I think the second point is more important, and I will implement it now.

Note one remark in the code:

                # If there is something better in the list, try to return that instead
                # This is so, for example, _coerce_map_from_ can return True but still
                # take advantage of the _populate_coercion_lists_ data.

The _populate_coercion_lists_ data are also put into _coerce_from_cache. Hence, these data will have priority over _coerce_map_from_ in self.coerce_map_from(other). Therefore, self.discover_coerce_map_from(other) will only be called if there are no relevant _populate_coercion_lists_ data.

Hence, I believe that the remark is not valid, and will remove it.

7ed8c4ca-6d56-4ae9-953a-41e42b4ed313 commented 11 years ago

Branch pushed to git repo; I updated commit sha1. New commits:

[changeset:74821fe] Give user-provided coerce maps the same priority than to a coerce map found by backtracking

7ed8c4ca-6d56-4ae9-953a-41e42b4ed313 commented 11 years ago

Changed commit from f837cbe to 74821fe

simon-king-jena commented 11 years ago

Changed work issues from analyse recursion error to none

simon-king-jena commented 11 years ago

comment:31

The intermediate problem has been added as a doctest.

simon-king-jena commented 11 years ago

Work Issues: Analyse recursion error

simon-king-jena commented 11 years ago

comment:32

As it turns out, the last commit fixes one error, but the more problematic errors persist.

simon-king-jena commented 11 years ago

comment:33

The following sequence of commands results in a "recursion depth exceeded" (some other errors are expected, the example is taken from the doctests):

Sym = SymmetricFunctions(QQ)
Q = Sym.kBoundedQuotient(3,t=1)
Q
km = Q.km()
km
F = Q.affineSchur()
F(km(F[3,1,1])) == F[3,1,1]
km(F(km([3,2]))) == km[3,2]
F[3,2].lift()
F[2,1]*F[2,1]
F[1,2]
km[2,1]*km[2,1]
HLPk = Q.kHallLittlewoodP() 
HLPk[2,1]*HLPk[2,1]
dks = Q.dual_k_Schur()
dks[2,1]*dks[2,1]
Q = Sym.kBoundedQuotient(3)
Sym = SymmetricFunctions(QQ['t'].fraction_field())
Q = Sym.kBoundedQuotient(3)
km = Q.km()
F = Q.affineSchur()
F(km(F[3,1,1])) == F[3,1,1]
km(F(km([3,2]))) == km[3,2]
dks = Q.dual_k_Schur()
HLPk = Q.kHallLittlewoodP()
dks(HLPk(dks[3,1,1])) == dks[3,1,1]
km(dks(km([3,2]))) == km[3,2]

Trying to minimise the example now...

simon-king-jena commented 11 years ago

comment:34

PS: Some of the commands seem to have a rather sluggish behaviour.

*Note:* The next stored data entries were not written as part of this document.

Lemma qf_eval_cofinitely_constant (f : formula) : GRing.qf_form f -> GRing.rformula f ->
  cofinitely_constant (fun x => GRing.qf_eval [:: x] f).
Proof.
elim: f => //=.
3-5: by move=> f1 IH1 f2 IH2 /andP[q1 q2] /andP[r1 r2];
  exact: (cofinitely_constant_op2 _ (IH1 q1 r1) (IH2 q2 r2)).
- by move=> b _ _; exists [::], b.
- move=> t1 t2 _ /andP[/eval_rterm_poly [p1 h1] /eval_rterm_poly [p2 h2]].
  have [/eqP|p12_neq0] := eqVneq (p1 - p2) 0.
    by rewrite subr_eq0 => /eqP p12; exists [::], true => x _; rewrite h1 h2 p12 eqxx.
  have [s roots_s] := roots_in_seq p12_neq0; exists s, false => x; apply: contraNF.
  by rewrite h1 h2 => /eqP p12x; apply: roots_s; rewrite /root hornerD hornerN p12x subrr.
- by move=> f1 IH1 q1 r1; have [s [b Hs]] := IH1 q1 r1; exists s, (~~ b) => x /Hs ->.
Qed.

Lemma definable_finite_or_cofinite (f : formula) : exists s : seq F,
  (forall x, x \notin s -> GRing.holds [:: x] f) \/ (forall x, GRing.holds [:: x] f -> x \in s).
Proof.
have rf := GRing.to_rform_rformula f.
have /andP[qf rq] := GRing.quantifier_elim_wf (@ClosedFieldQE.wf_ex_elim F) rf.
have [s [b Hs]] := qf_eval_cofinitely_constant qf rq.
have holdsE x : GRing.holds [:: x] f <-> GRing.qf_eval [:: x]
    (GRing.quantifier_elim (@ClosedFieldQE.ex_elim F) (GRing.to_rform f)).
  have QE := GRing.quantifier_elim_rformP (@ClosedFieldQE.wf_ex_elim F)
      (ClosedFieldQE.holds_ex_elim (@solve_monicpoly F)) [:: x] rf.
  by split => [/GRing.to_rformP/QE | /QE/GRing.to_rformP].
exists s; case: b Hs => Hs; [left => x /Hs /holdsE // | right => x /holdsE].
by apply: contraLR => /Hs ->.
Qed.
(* Let $X$ be a $\delta$-hyperbolic proper geodesic metric space, $\xi\in\partial X$, $p\in X$ and $0<\epsilon\le\min\{\epsilon_0,\epsilon_1\}$. Then: (1) the identity map $(\partial X\setminus\{\xi\},d_{\xi,p,\epsilon})\to(\partial X\setminus\{\xi\},(d_{p,\epsilon})_\xi)$ is $L$-bilipschitz, where $L$ depends only on $\delta$; (2) if $\xi$ is not an isolated point of $\partial X$ and $\eta\in\partial X\setminus\{\xi\}$, then the bijection $f:(\partial X,d_{p,\epsilon})\to(S_\eta(\partial X\setminus\{\xi\}),\widehat{(d_{\xi,p,\epsilon})}_\eta)$ which is the identity on $\partial X\setminus\{\xi\}$ and sends $\xi$ to $\infty$ is bilipschitz.
   Context: $X$ is a proper geodesic Gromov $\delta$-hyperbolic space with Gromov boundary $\partial X$. Gromov product of $\xi,\eta\in\partial X$ at $p$: $(\xi|\eta)_p=\frac12\sup\liminf_{i,j}(d(p,x_i)+d(p,y_j)-d(x_i,y_j))$ over sequences $x_i\to\xi$, $y_j\to\eta$. There is $\epsilon_1>0$ depending only on $\delta$ such that for $0<\epsilon\le\epsilon_1$ there exists a metric $d_{p,\epsilon}$ on $\partial X$ (a visual metric; any such metric is meant) with $\frac12e^{-\epsilon(\eta_1|\eta_2)_p}\le d_{p,\epsilon}(\eta_1,\eta_2)\le e^{-\epsilon(\eta_1|\eta_2)_p}$. Busemann function: for a ray $\gamma$ from $p$ to $\xi$, $B_\gamma(x)=\lim_{t\to\infty}(d(\gamma(t),x)-t)$, and $B_{\xi,p}=\sup_\gamma B_\gamma$ over rays from $p$ to $\xi$. For distinct $\eta_1,\eta_2\in\partial X\setminus\{\xi\}$, $H_{\xi,p}(\eta_1,\eta_2)=\inf_\sigma\inf_{x\in\sigma}B_{\xi,p}(x)$ over complete geodesics $\sigma$ from $\eta_1$ to $\eta_2$, and $D_{\xi,p,\epsilon}(\eta_1,\eta_2)=e^{-\epsilon H_{\xi,p}(\eta_1,\eta_2)}$. There is $\epsilon_0>0$ depending only on $\delta$ such that for $0<\epsilon\le\epsilon_0$ there is a metric $d_{\xi,p,\epsilon}$ on $\partial X\setminus\{\xi\}$ with $\frac12D_{\xi,p,\epsilon}\le d_{\xi,p,\epsilon}\le D_{\xi,p,\epsilon}$ (a parabolic visual metric; any such metric is meant). Metric inversion: for a metric space $(Z,d)$ and $q\in Z$, $d_q$ denotes a metric on $Z\setminus\{q\}$ with $\frac{d(x,y)}{4d(x,q)d(y,q)}\le d_q(x,y)\le\frac{d(x,y)}{d(x,q)d(y,q)}$ (such a metric exists). Sphericalization: for an unbounded metric space $(Z,d)$ and $q\in Z$, $S_q(Z)=Z\cup\{\infty\}$ and $\widehat d_q$ is a metric on $S_q(Z)$ with $\frac14s_q\le\widehat d_q\le s_q$, where $s_q(x,y)=\frac{d(x,y)}{(1+d(x,q))(1+d(y,q))}$ for $x,y\in Z$, $s_q(x,\infty)=\frac1{1+d(x,q)}$, $s_q(\infty,\infty)=0$ (such a metric exists). *)

From HB Require Import structures.
From mathcomp Require Import all_boot all_order all_algebra.
From mathcomp Require Import all_classical all_reals.
From mathcomp Require Import ereal topology normedtype sequences exp.

Set Implicit Arguments.
Unset Strict Implicit.
Unset Printing Implicit Defensive.
Import Order.TTheory GRing.Theory Num.Theory.
Import numFieldNormedType.Exports.
Local Open Scope classical_set_scope.
Local Open Scope ring_scope.

Section Hyperbolic.
Variable R : realType.

Definition is_metric (T : Type) (d : T -> T -> R) : Prop :=
  (forall x y, 0 <= d x y) /\
  (forall x y, d x y = 0 <-> x = y) /\
  (forall x y, d x y = d y x) /\
  (forall x y z, d x z <= d x y + d y z).

Variable X : Type.
Variable d : X -> X -> R.

(* proper: closed balls are compact; for metric spaces compactness of a
   closed ball is written out as sequential compactness *)
Definition proper_space : Prop :=
  forall (x0 : X) (r : R) (u : nat -> X),
    (forall n, d x0 (u n) <= r) ->
    exists (phi : nat -> nat) (l : X),
      (forall n, (phi n < phi n.+1)%N) /\
      (forall e : R, 0 < e -> exists N : nat, forall n, (N <= n)%N ->
          d (u (phi n)) l < e).

Definition geodesic_space : Prop :=
  forall x y : X, exists g : R -> X,
    g 0 = x /\ g (d x y) = y /\
    (forall s t, 0 <= s <= d x y -> 0 <= t <= d x y ->
       d (g s) (g t) = `|s - t|).

Definition gprod (w x y : X) : R := (d w x + d w y - d x y) / 2.

Definition hyperbolic (delta : R) : Prop :=
  forall w x y z : X, Num.min (gprod w x y) (gprod w y z) - delta <= gprod w x z.

Definition proper_geodesic_hyperbolic (delta : R) : Prop :=
  is_metric d /\ proper_space /\ geodesic_space /\ hyperbolic delta.

Definition cvg_at_infty (u : nat -> X) : Prop :=
  forall (o : X) (M : R), exists N : nat, forall i j, (N <= i)%N -> (N <= j)%N ->
    M <= gprod o (u i) (u j).

Definition seq_equiv (u v : nat -> X) : Prop :=
  forall (o : X) (M : R), exists N : nat, forall i j, (N <= i)%N -> (N <= j)%N ->
    M <= gprod o (u i) (v j).

Definition is_bdry_class (S : set (nat -> X)) : Prop :=
  exists u, cvg_at_infty u /\ S = [set v | cvg_at_infty v /\ seq_equiv u v].

Definition bdry := {S : set (nat -> X) | is_bdry_class S}.

Definition seq_to (u : nat -> X) (xi : bdry) : Prop := proj1_sig xi u.

Definition liminf2 (a : nat -> nat -> R) : \bar R :=
  ereal_sup [set ereal_inf [set (a i j)%:E | i in [set i | (N <= i)%N] & j in [set j | (N <= j)%N]]
            | N in [set: nat]].

Definition bgprod (p : X) (xi eta : bdry) : \bar R :=
  ((2^-1)%:E * ereal_sup
     [set liminf2 (fun i j => (d p (x i) + d p (y j) - d (x i) (y j))%R)
     | x in [set x | seq_to x xi] & y in [set y | seq_to y eta]])%E.

Definition visual_metric (p : X) (eps : R) (dv : bdry -> bdry -> R) : Prop :=
  is_metric dv /\
  forall e1 e2 : bdry,
    ((2^-1)%:E * expeR (- (eps%:E * bgprod p e1 e2)) <= (dv e1 e2)%:E)%E /\
    ((dv e1 e2)%:E <= expeR (- (eps%:E * bgprod p e1 e2)))%E.

Definition geodesic_ray (p : X) (xi : bdry) (g : R -> X) : Prop :=
  g 0 = p /\
  (forall s t, 0 <= s -> 0 <= t -> d (g s) (g t) = `|s - t|) /\
  seq_to (fun n : nat => g n%:R) xi.

Definition busemann_ray (g : R -> X) (x : X) : R :=
  lim ((fun t : R => d (g t) x - t) @ +oo).

Definition busemann (xi : bdry) (p : X) (x : X) : \bar R :=
  ereal_sup [set (busemann_ray g x)%:E | g in [set g | geodesic_ray p xi g]].

Definition bi_geodesic (e1 e2 : bdry) (s : R -> X) : Prop :=
  (forall a b, d (s a) (s b) = `|a - b|) /\
  seq_to (fun n : nat => s (- n%:R)) e1 /\
  seq_to (fun n : nat => s n%:R) e2.

Definition Hxp (xi : bdry) (p : X) (e1 e2 : bdry) : \bar R :=
  ereal_inf [set ereal_inf [set busemann xi p x | x in range s]
            | s in [set s | bi_geodesic e1 e2 s]].

Definition Dxp (xi : bdry) (p : X) (eps : R) (e1 e2 : bdry) : \bar R :=
  expeR (- (eps%:E * Hxp xi p e1 e2))%E.

Definition compl_pt (xi : bdry) := {eta : bdry | eta <> xi}.

Definition parabolic_visual_metric (xi : bdry) (p : X) (eps : R)
    (dp : compl_pt xi -> compl_pt xi -> R) : Prop :=
  is_metric dp /\
  forall e1 e2 : compl_pt xi, e1 <> e2 ->
    ((2^-1)%:E * Dxp xi p eps (proj1_sig e1) (proj1_sig e2) <= (dp e1 e2)%:E)%E /\
    ((dp e1 e2)%:E <= Dxp xi p eps (proj1_sig e1) (proj1_sig e2))%E.

End Hyperbolic.

Section Inversion.
Variable R : realType.

Definition inversion_metric (Z : Type) (dz : Z -> Z -> R) (q : Z)
    (di : {x : Z | x <> q} -> {x : Z | x <> q} -> R) : Prop :=
  is_metric di /\
  forall x y : {x : Z | x <> q},
    dz (proj1_sig x) (proj1_sig y) / (4 * dz (proj1_sig x) q * dz (proj1_sig y) q)
      <= di x y /\
    di x y <= dz (proj1_sig x) (proj1_sig y) / (dz (proj1_sig x) q * dz (proj1_sig y) q).

(* S_q(Z) = Z u {oo} is modelled by option Z, with None = oo *)
Definition sph_s (Z : Type) (dz : Z -> Z -> R) (q : Z) (a b : option Z) : R :=
  match a, b with
  | Some x, Some y => dz x y / ((1 + dz x q) * (1 + dz y q))
  | Some x, None => (1 + dz x q)^-1
  | None, Some y => (1 + dz y q)^-1
  | None, None => 0
  end.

Perhaps the example is also good for detecting a regression?

simon-king-jena commented 11 years ago

comment:35

I observe that the example sometimes works and sometimes fails. This seems to indicate that one "randomness" in my code is problematic.

Namely, with the current commits, the coercions that are used by the backtracking algorithm are stored in a MonoDict (codomain._coerce_from_backtracking). The hash depends on the id of the keys and is thus susceptible to change between different runs of Sage, and therefore the order in which the arrows of the coerce digraph are considered in the backtracking algorithm also changes between different runs of Sage.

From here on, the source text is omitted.